Hacker News new | ask | show | jobs
by mtdewcmu 4762 days ago
I'm having a little trouble making sense of this:

"For example, bigtable benefits from cache sharing and would prefer 100 % remote accesses to 50% remote. Search-frontend prefers spreading the threads to multiple caches to reduce cache contention and thus also prefers 100 % remote accesses to 50% remote."

Let me see if I've got this straight:

* bigtable benefits from scheduling related threads on the same cpu so they can share a cache, I'm guessing because multiple threads work on the same data simultaneously

* search benefits from having its threads spread over many cpus, probably because the threads are unrelated to each other and not sharing data, so they like to have their own caches

I'm not sure I understand how this relates to NUMA, or why remote accesses are ever a good thing.

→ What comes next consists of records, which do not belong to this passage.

(* Let $p$ be an odd prime, let $l\ge 3$ be an odd integer with $l\mid p-1$, and let $\omega$ be a primitive $l$-th root of unity in $\mathbb{F}_p$. Then the cyclic code $\mathcal{C}_1$ of length $lp$ over $\mathbb{F}_p$ generated by $g_1(x)=(x-1)^4(x-\omega)(x-\omega^2)$ is an AMDS symbol-pair code with minimum symbol-pair distance $7$.
   Context: For $\mathbf{x}=(x_0,\dots,x_{n-1})\in\mathbb{F}_p^n$, the symbol-pair distance is $D_p(\mathbf{x},\mathbf{y})=|\{i:(x_i,x_{i+1})\neq(y_i,y_{i+1})\}|$ (indices modulo $n$); the minimum symbol-pair distance $d_p$ is the minimum of $D_p$ over distinct codewords. A code $\mathcal{C}$ of length $n$ with minimum symbol-pair distance $d_p$ is an AMDS (almost MDS) symbol-pair code if $|\mathcal{C}|=p^{n-d_p+1}$. The cyclic code generated by $g(x)\mid x^n-1$ is the ideal $\langle g(x)\rangle$ in $\mathbb{F}_p[x]/\langle x^n-1\rangle$. *)

From mathcomp Require Import all_boot all_algebra.
From mathcomp Require Import boolp.
Set Implicit Arguments. Unset Strict Implicit. Unset Printing Implicit Defensive.
Import GRing.Theory.
Local Open Scope ring_scope.

Definition vec_poly (F : fieldType) (n : nat) (c : 'rV[F]_n) : {poly F} :=
  \sum_(i < n) c ord0 i *: 'X^i.

(* Cyclic code generated by g: the ideal <g(x)> of F[x]/<x^n - 1>,
   i.e. the vectors whose polynomial is (f * g) mod (x^n - 1) for some f. *)
Definition cyclic_code (F : finFieldType) (n : nat) (g : {poly F})
  : {set 'rV[F]_n} :=
  [set c | `[< exists f : {poly F}, vec_poly c = (f * g) %% ('X^n - 1) >]].

Definition pair_dist (F : finType) (n : nat) (x y : 'rV[F]_n) : nat :=
  #|[set i : 'I_n | (x ord0 i != y ord0 i) || (x ord0 (ordS i) != y ord0 (ordS i))]|.

Definition min_pair_dist (F : finType) (n : nat) (C : {set 'rV[F]_n}) (d : nat)
  : Prop :=
  (exists x y, [/\ x \in C, y \in C, x != y & pair_dist x y = d]) /\
  (forall x y, x \in C -> y \in C -> x != y -> (d <= pair_dist x y)%N).

Definition AMDS_pair_code (F : finFieldType) (n : nat) (C : {set 'rV[F]_n})
  (d : nat) : Prop :=
  min_pair_dist C d /\ #|C| = (#|F| ^ (n - d + 1))%N.

From mathcomp Require Import all_boot all_algebra zify ring.
From mathcomp Require Import boolp.
Set Implicit Arguments. Unset Strict Implicit. Unset Printing Implicit Defensive.
Import GRing.Theory.

(* A word c of length n = lp lies in C_1 iff (x - 1)^4, x - omega and
   x - omega^2 divide c(x), i.e. iff sum_i c_i h(i mod p) = 0 for deg h <= 3
   (iterate x d/dx) and sum_i c_i h(omega^i) = 0 for deg h <= 2.  Testing
   against a polynomial vanishing on all other values shows that when the
   support S has at most 4 (resp. 3) elements, each fiber of i |-> i mod p
   (resp. i |-> omega^i) meeting S meets it at least twice.  Since i is
   determined by (i mod p, omega^i), this excludes |S| <= 3, and, with one more
   computation with the moments, a support of size 4 containing two pairs of
   consecutive positions.  The pair weight of S is 2|S| - |S /\ (S - 1)|; the
   only remaining way for it to be below 7 is a run of 5 consecutive
   positions, impossible because a cyclic shift would turn c into a nonzero
   multiple of g of degree < 6.  The word (x^p - 1)(x^(p-1) - 1) has pair
   weight exactly 7, and |C_1| = p^(n-6) because g is monic of degree 6 and
   divides x^n - 1. *)

(** * Counting, runs and pair supports in Z/nZ *)

Lemma card_imset_le_half (T T' : finType) (f : T -> T') (A : {set T}) :
  (forall x, x \in A -> exists2 y, y \in A & (y != x) && (f y == f x)) ->
  2 * #|f @: A| <= #|A|.
Proof.
move=> fibers; rewrite -[X in _ <= X]sum1_card (partition_big_imset f) /=.
rewrite mulnC -sum_nat_const.
apply: leq_sum => _ /imsetP [x xA ->].
have [y yA /andP [yx fyx]] := fibers x xA.
rewrite (bigD1 x) /=; last by rewrite xA eqxx.
by rewrite (bigD1 y) /= ?addnA ?leq_addr // yA fyx yx.
Qed.

Lemma card_le2_mem (T : finType) (A : {set T}) u v w : #|A| <= 2 ->
  u \in A -> v \in A -> u != v -> w \in A -> (w == u) || (w == v).
Proof.
move=> A2 uA vA uv wA; apply: contraTT A2 => /norP [wu wv]; rewrite -ltnNge.
apply/card_geqP; exists [:: u; v; w]; split => //.
  by rewrite /= !inE negb_or uv !(eq_sym _ w) wu wv.
by apply/allP; rewrite /= uA vA wA.
Qed.

Section OrdinalShift.
Variable n : nat.

Lemma iter_ordS_val k (x : 'I_n) : iter k (@ordS n) x = (x + k) %% n :> nat.
Proof.
have n_gt0 : (0 < n) by case: n x => [[]|].
elim: k => [|k IHk]; first by rewrite addn0 modn_small.
by rewrite iterS /= IHk addnS -addn1 modnDml addn1.
Qed.

Lemma iter_ordS_mul_n k (x : 'I_n) : iter (k * n) (@ordS n) x = x.
Proof. by apply: val_inj; rewrite /= iter_ordS_val addnC modnMDl modn_small. Qed.

Lemma iter_ordS_inj k : injective (iter k (@ordS n)).
Proof. by elim: k => [|k IHk] //=; apply: inj_comp IHk; exact: ordS_inj. Qed.

Lemma ordS_closed_setT (S : {set 'I_n}) x0 :
  x0 \in S -> (forall x, x \in S -> ordS x \in S) -> S = setT.
Proof.
move=> x0S closedS; apply/setP => y; rewrite inE.
have iterS_in k : iter k (@ordS n) x0 \in S by elim: k => //= k; apply: closedS.
have -> : y = iter (n - x0 + y) (@ordS n) x0; last exact: iterS_in.
apply: val_inj; rewrite /= iter_ordS_val addnA subnKC; last exact: ltnW.
by rewrite modnDl modn_small.
Qed.

Lemma eq_iter_ordS (x : 'I_n) k1 k2 : k1 < n -> k2 < n ->
  iter k1 (@ordS n) x = iter k2 (@ordS n) x -> k1 = k2.
Proof.
move=> k1n k2n /(congr1 (@nat_of_ord n)) /eqP.
by rewrite !iter_ordS_val eqn_modDl !modn_small // => /eqP.
Qed.

Definition window (s : 'I_n) w : {set 'I_n} := [set iter k (@ordS n) s | k : 'I_w].

Lemma run_reaches_end (S : {set 'I_n}) e x : #|S| < n ->
  (forall y, y \in S -> y != e -> ordS y \in S) ->
  x \in S -> exists2 k, k < #|S| & iter k (@ordS n) x = e.
Proof.
move=> Sn closedS xS.
have [k /eqP xk | none] := pickP (fun k : 'I_#|S| => iter k (@ordS n) x == e).
  by exists k.
have iter_in k : k <= #|S| -> iter k (@ordS n) x \in S.
  elim: k => [|k IHk] kS //=; apply: closedS; first exact/IHk/ltnW.
  by have := none (Ordinal kS); rewrite /= => /negbT.
pose f (k : 'I_#|S|.+1) := iter k (@ordS n) x.
have f_inj : injective f.
  move=> k1 k2 /eq_iter_ordS k12; apply/val_inj/k12; exact: leq_trans Sn.
have : [set f k | k in [set: 'I_#|S|.+1]] \subset S.
  by apply/subsetP => _ /imsetP [k _ ->]; apply: iter_in; rewrite -ltnS.
by move/subset_leq_card; rewrite card_imset // cardsT card_ord ltnn.
Qed.

Lemma run_sub_window (S : {set 'I_n}) e : #|S| < n ->
  (forall x, x \in S -> x != e -> ordS x \in S) ->
  S \subset window (iter (n - #|S|.-1) (@ordS n) e) #|S|.
Proof.
move=> Sn closedS; apply/subsetP => x xS.
have [k kS xk] := run_reaches_end Sn closedS xS.
have kS' : #|S|.-1 - k < #|S| by lia.
apply/imsetP; exists (Ordinal kS') => //=; rewrite -xk -!iterD.
(* lia must see the copies of #|S| as one atom *)
by rewrite (_ : _ + _ + _ = 1 * n) ?iter_ordS_mul_n //; set m := #|S| in Sn kS *; lia.
Qed.

Lemma card_ord_val_in (s : seq nat) : uniq s -> all (fun k => k < n) s ->
  #|[set i : 'I_n | val i \in s]| = size s.
Proof.
move=> s_uniq /allP s_lt.
rewrite cardE -(size_map val); apply/perm_size/uniq_perm => //.
  by rewrite map_inj_uniq ?enum_uniq //; exact: val_inj.
move=> k; apply/mapP/idP => [[i] | ks]; first by rewrite mem_enum inE => ? ->.
by exists (Ordinal (s_lt k ks)); rewrite ?mem_enum ?inE.
Qed.

Definition pair_support (S : {set 'I_n}) : {set 'I_n} := S :|: @ordS n @^-1: S.

Lemma card_pair_support S :
  #|pair_support S| = #|S| + #|S| - #|S :&: @ordS n @^-1: S|.
Proof. by rewrite -{2}(card_preimset S (@ordS_inj n)) -cardsUI addnK. Qed.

Maybe it requires a more sophisticated understanding of computer architecture than what I have.

2 comments

It's not that remote accesses are good, it's that trying to induce them can harm cache usage elsewhere. If the author at High Scalability will allow me another quibble, I'd say that actually, memory locality is still King. It's just that we have to be very careful about trying to improve it; if you try to improve locality in one place (say, induce local accesses from a socket to main memory), you may end up harming it somewhere else (more total number of accesses to main memory because now the cache is thrashing).

The NUMA bit comes in when you said "scheduling related threads on the same cpu" and "threads spread over many cpus". If you schedule related threads on the same socket (cpu), you're more likely to get local accesses. If your threads share data, then that's two good things: local memory accesses, and good cache usage. But if your threads use different data, then the fact that you have local memory accesses may not matter because you may have many more cache misses because the threads are interfering with each other.

A simpler way to think about it: shorter access to main memory does not help you if you end up doing many more total accesses.

Do the bigtable performance characteristics look kind of like cache line ping ponging? My intuition for scenario 3 outperforming scenario 2 (100% remote vs 50% local + 50% remote) is that there are more mutations of data and therefore more interconnect traffic is required to maintain coherency across sockets.
I'm not familiar with this research, but it's possible that sequential accesses to memory would lead to prefetching, in which case going half-local half-remote could actually lead to a slowdown versus all-remote. Another hypothesis is if the memory ends up having to be migrated from one cpu cache to the other, then back. It's better if it's always in the remote cache than if it's getting flipped between the two.

I'm pretty sure it goes without saying that 100% local is always better, assuming you're not trading anything else away (like accessible CPU on other nodes).

Ah. So a remote access may be coming directly from the cache of a different CPU? That's something I didn't consider, and definitely adds another wrinkle.

I sense that the article is saying things in confusing ways, perhaps because that's the way computer architects speak (it always struck me as counterintuitive and confusing to measure a cache by its miss rate rather than its hit rate) or maybe it's this article.